Teachers' pay freeze shows 'absolute contempt' for 'forgotten heroes' of pandemic, union leader says

A teachers' union leader is to launch an attack on the Government’s pay freeze for teachers, saying it shows “appalling contempt” for the profession.

In her speech to the NASUWT union’s annual conference in Birmingham, which opens today (Saturday, April 15) new president Angela Butler will also describe teachers as "forgotten heroes" who were protected by only “fig-leaf mitigations” as they worked in “overcrowded and dangerous” conditions during the pandemic .

She is expected to say workloads need to be made more manageable, and that school staff must be protected from malicious allegations and abuse on social media.
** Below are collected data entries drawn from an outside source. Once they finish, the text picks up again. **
Lemma cauchy_root_bound n (c : nat -> K) (k B : K) : 0 < k -> 0 < B ->
  (forall i, (i <= n)%N -> bounded_by (c i) B) ->
  (exists2 i, (i <= n)%N & c i != 0) ->
  \sum_(i < n.+1) c i * k ^+ i = 0 -> k < 1 + n%:R * B ^+ 2.
Proof.
move=> k0 B0; elim: n => [|m IH] cB [i im ci0].
  move: im ci0; rewrite leqn0 => /eqP-> /negPf c0.
  by rewrite big_ord1 expr0 mulr1 => /eqP; rewrite c0.
rewrite big_ord_recr /=.
have B2 : 0 <= B ^+ 2 by rewrite exprn_ge0 // ltW.
have [cm0 | cm0] := eqVneq (c m.+1) 0.
  have im' : (i <= m)%N.
    by rewrite leq_eqVlt in im; case/orP: im => [/eqP ei|//]; rewrite ei cm0 eqxx in ci0.
  rewrite cm0 mul0r addr0 => /(IH (fun j jm => cB j (leqW jm)) (ex_intro2 _ _ i im' ci0)).
  by move/lt_le_trans; apply; rewrite lerD2l ler_wpM2r // ler_nat.
have [k1 | k1] := ltP k 1; first by move=> _; apply: (lt_le_trans k1); rewrite lerDl mulr_ge0.
move=> /eqP; rewrite addrC addr_eq0 => /eqP top.
have [_ /(_ cm0) cmB] := cB m.+1 (leqnn _).
have km0 : 0 < k ^+ m by rewrite exprn_gt0.
have top_le : `|c m.+1| * k ^+ m.+1 <= m.+1%:R * B * k ^+ m.
  rewrite -(ger0_norm (ltW (exprn_gt0 m.+1 k0))) -normrM top normrN.
  apply: (le_trans (ler_norm_sum _ _ _)).
  have -> : m.+1%:R * B * k ^+ m = \sum_(j < m.+1) B * k ^+ m.
    by rewrite sumr_const card_ord -mulrA mulr_natl.
  have k_ge0 := ltW k0.
  apply: ler_sum => j _; rewrite normrM [`|k ^+ _|]ger0_norm ?exprn_ge0 //.
  apply: ler_pM; rewrite ?exprn_ge0 //; first exact/ltW/(cB j (leqW (ltn_ord j))).1.
  by apply: ler_weXn2l => //; rewrite -ltnS.
have : `|c m.+1| * k <= m.+1%:R * B by rewrite -(ler_pM2r km0) -mulrA -exprS.
rewrite mulrSr => ckB; have := normr_ge0 (c m.+1); nra.
Qed.

Lemma cauchy_root_bound_inv n (c : nat -> K) (k B : K) : 0 < k -> 0 < B ->
  (forall i, (i <= n)%N -> bounded_by (c i) B) ->
  (exists2 i, (i <= n)%N & c i != 0) ->
  \sum_(i < n.+1) c i * k ^+ i = 0 -> k^-1 < 1 + n%:R * B ^+ 2.
Proof.
move=> k0 B0 cB [i0 i0n ci0] csum.
apply: (@cauchy_root_bound n (fun i => c (n - i)%N)) => //.
- by rewrite invr_gt0.
- by move=> i _; apply: cB; apply: leq_subr.
- by exists (n - i0)%N; rewrite ?leq_subr ?subKn.
have k_neq0 : k != 0 by rewrite gt_eqF.
have rev_term (i : 'I_n.+1) :
    c (n - (n.+1 - i.+1))%N * k^-1 ^+ (n.+1 - i.+1) = c i * k ^+ i * k^-1 ^+ n.
  have i_le_n : (i <= n)%N by rewrite -ltnS.
  have -> : k^-1 ^+ n = k^-1 ^+ (n - i) * k^-1 ^+ i by rewrite -exprD subnK.
  rewrite subSS (subKn i_le_n) -mulrA; congr (_ * _).
  by rewrite mulrCA [k^-1 ^+ i]exprVn mulfV ?mulr1 // expf_neq0.
rewrite (reindex_inj rev_ord_inj) (eq_bigr _ (fun i _ => rev_term i)).
by rewrite -mulr_suml csum mul0r.
Qed.

Lemma poly_root_bounds (p : {poly K}) (k B : K) : p != 0 -> 0 < k -> 0 < B ->
  (forall i, bounded_by p`_i B) -> root p k ->
  k < 1 + (size p).-1%:R * B ^+ 2 /\ k^-1 < 1 + (size p).-1%:R * B ^+ 2.
Proof.
move=> p0 k0 B0 pB /rootP; rewrite horner_coef; set n := (size p).-1.
have -> : size p = n.+1 by rewrite prednK // size_poly_gt0.
have lead0 : exists2 i, (i <= n)%N & p`_i != 0.
  by exists n; rewrite // -lead_coefE lead_coef_eq0.
by split; [apply: cauchy_root_bound | apply: cauchy_root_bound_inv].
Qed.

End RealField.

Lemma is_lambda_unique (K : rcfType) (A : K -> Prop) (e k a b : K) :
  subgroup_posK A -> (forall x, A x -> 1 < x -> e <= x) ->
  is_lambda A e k a -> is_lambda A e k b -> a = b.
Proof.
move=> [Apos [_ [AM AV]]] e_min.
wlog ab : a b / a <= b => [wlog_ab la lb|].
  case: (leP a b) => [ab | /ltW ba]; first exact: wlog_ab ab la lb.
  exact/esym/(wlog_ab _ _ ba lb la).
move=> [Aa [ak ka]] [Ab [bk kb]]; have a0 := Apos _ Aa.
rewrite le_eqVlt in ab; case/orP: ab => [/eqP //|ab].
have : e <= b / a by apply: e_min; [apply: AM => //; apply: AV | rewrite ltr_pdivlMr ?mul1r].
rewrite ler_pdivlMr // mulrC => ae_b; lra.
Qed.

Lemma exists_geometric_step (K : realDomainType) (u : nat -> K) (e k : K) m :
  (forall j, u j.+1 = u j * e) -> u 0%N <= k -> k < u m ->
  exists j, u j <= k /\ k < u j * e.
Proof.
move=> uS u0k; elim: m => [|m IH km]; first by move/(le_lt_trans u0k); rewrite ltxx.
by case: (ltP k (u m)) => [/IH //|umk]; exists m; rewrite -uS.
Qed.

Lemma eventually_forall_le (P : nat -> nat -> Prop) n :
  (forall i, (i <= n)%N -> exists N, forall M, (N <= M)%N -> P i M) ->
  exists N, forall M, (N <= M)%N -> forall i, (i <= n)%N -> P i M.
Proof.
elim: n => [|n IH] evP.
  have [N HN] := evP 0%N (leqnn 0); exists N => M NM i; rewrite leqn0 => /eqP->.
  exact: HN.
have [N1 HN1] := IH (fun i i_le => evP i (leqW i_le)).
have [N2 HN2] := evP n.+1 (leqnn _).
exists (maxn N1 N2) => M; rewrite geq_max => /andP[N1M N2M] i.
by rewrite leq_eqVlt => /orP[/eqP-> | ]; [apply: HN2 | rewrite ltnS; apply: HN1].
Qed.

Fixpoint zren (f : nat -> nat) (p : zpoly) : zpoly :=
  match p with
  | ZPOne => ZPOne
  | ZPVar i => ZPVar (f i)
  | ZPAdd p q => ZPAdd (zren f p) (zren f q)
  | ZPMul p q => ZPMul (zren f p) (zren f q)
  | ZPNeg p => ZPNeg (zren f p)
  end.

Lemma evalK_ren (K : rcfType) (e : nat -> K) f p :
  evalK e (zren f p) = evalK (fun i => e (f i)) p.
Proof. by elim: p => //= [p IHp q IHq|p IHp q IHq|p IHp]; rewrite ?IHp ?IHq. Qed.

Lemma evalR_ren (e : nat -> R) f p :
  evalR e (zren f p) = evalR (fun i => e (f i)) p.
Proof. by elim: p => //= [p IHp q IHq|p IHp q IHq|p IHp]; rewrite ?IHp ?IHq. Qed.

Lemma eq_evalK (K : rcfType) (e e' : nat -> K) p : e =1 e' -> evalK e p = evalK e' p.
Proof. by move=> ee'; elim: p => //= [p IHp q IHq|p IHp q IHq|p IHp]; rewrite ?IHp ?IHq. Qed.

Section ZFrac.
Variables (K : rcfType) (e : nat -> K).

Definition zfrac (x : K) :=
  exists P Q, evalK e Q != 0 /\ x = evalK e P / evalK e Q.

Lemma zfrac_var i : zfrac (e i).
Proof. by exists (ZPVar i), ZPOne; rewrite /= oner_eq0 divr1. Qed.

Lemma zfrac0 : zfrac 0.
Proof. by exists (ZPAdd ZPOne (ZPNeg ZPOne)), ZPOne; rewrite /= oner_eq0 subrr mul0r. Qed.

Lemma zfrac1 : zfrac 1.
Proof. by exists ZPOne, ZPOne; rewrite /= oner_eq0 divr1. Qed.

Lemma zfracN x : zfrac x -> zfrac (- x).
Proof. by move=> [P [Q [Q0 ->]]]; exists (ZPNeg P), Q; rewrite /= mulNr. Qed.

Lemma zfracD x y : zfrac x -> zfrac y -> zfrac (x + y).
Proof.
move=> [P1 [Q1 [Q10 ->]]] [P2 [Q2 [Q20 ->]]].
exists (ZPAdd (ZPMul P1 Q2) (ZPMul P2 Q1)), (ZPMul Q1 Q2).
by rewrite /= mulf_neq0 //; split=> //; field; apply/andP.
Qed.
In 2020, Chancellor Rishi Sunak paused public sector pay for all public sector workers with the exception of doctors and nurses. In March this year, the Government called for teacher starting salaries to rise by over 16% over the next two years, to bring them up to £30,000 by September 2023.

But proposed increases for more experienced staff are lower, and the Institute of Fiscal Studies has said that given rising inflation, they would mean a real-terms cut of 5% for more experienced staff between 2021 and 2023.

Ms Butler, 59, a chemistry and special educational needs and disability teacher from Powys, Wales, will tell members: "Teachers, along with other key workers, rose magnificently to the challenge (of the pandemic). Even as the virus was spreading exponentially and was mutating into more virulent forms, teachers were back in classrooms.”

“We know that black teachers were particularly vulnerable and our black members have told us that employers failed to address the increased risk to them. Teachers are the forgotten heroes of the pandemic. But, of course, it is not over."

Ms Butler will add that pupils have been “denied the order, discipline and care of regular school attendance” and that this has led to increased levels of mental health issues for pupils, affecting teachers in terms of their behaviour.

“Teachers have never been so important in the lives of young people, but we ourselves have felt the strains and challenges of the pandemic,” she will say.

“An exhausted, unhappy, disillusioned teacher is not an effective teacher. So those that have power over education must understand that they must respect, support and nurture their teachers. It is that simple. Yet they just don’t get it. And the price they pay for years of neglect is schools in crisis, battered and bruised by a pandemic, and neglected and misunderstood by governments.”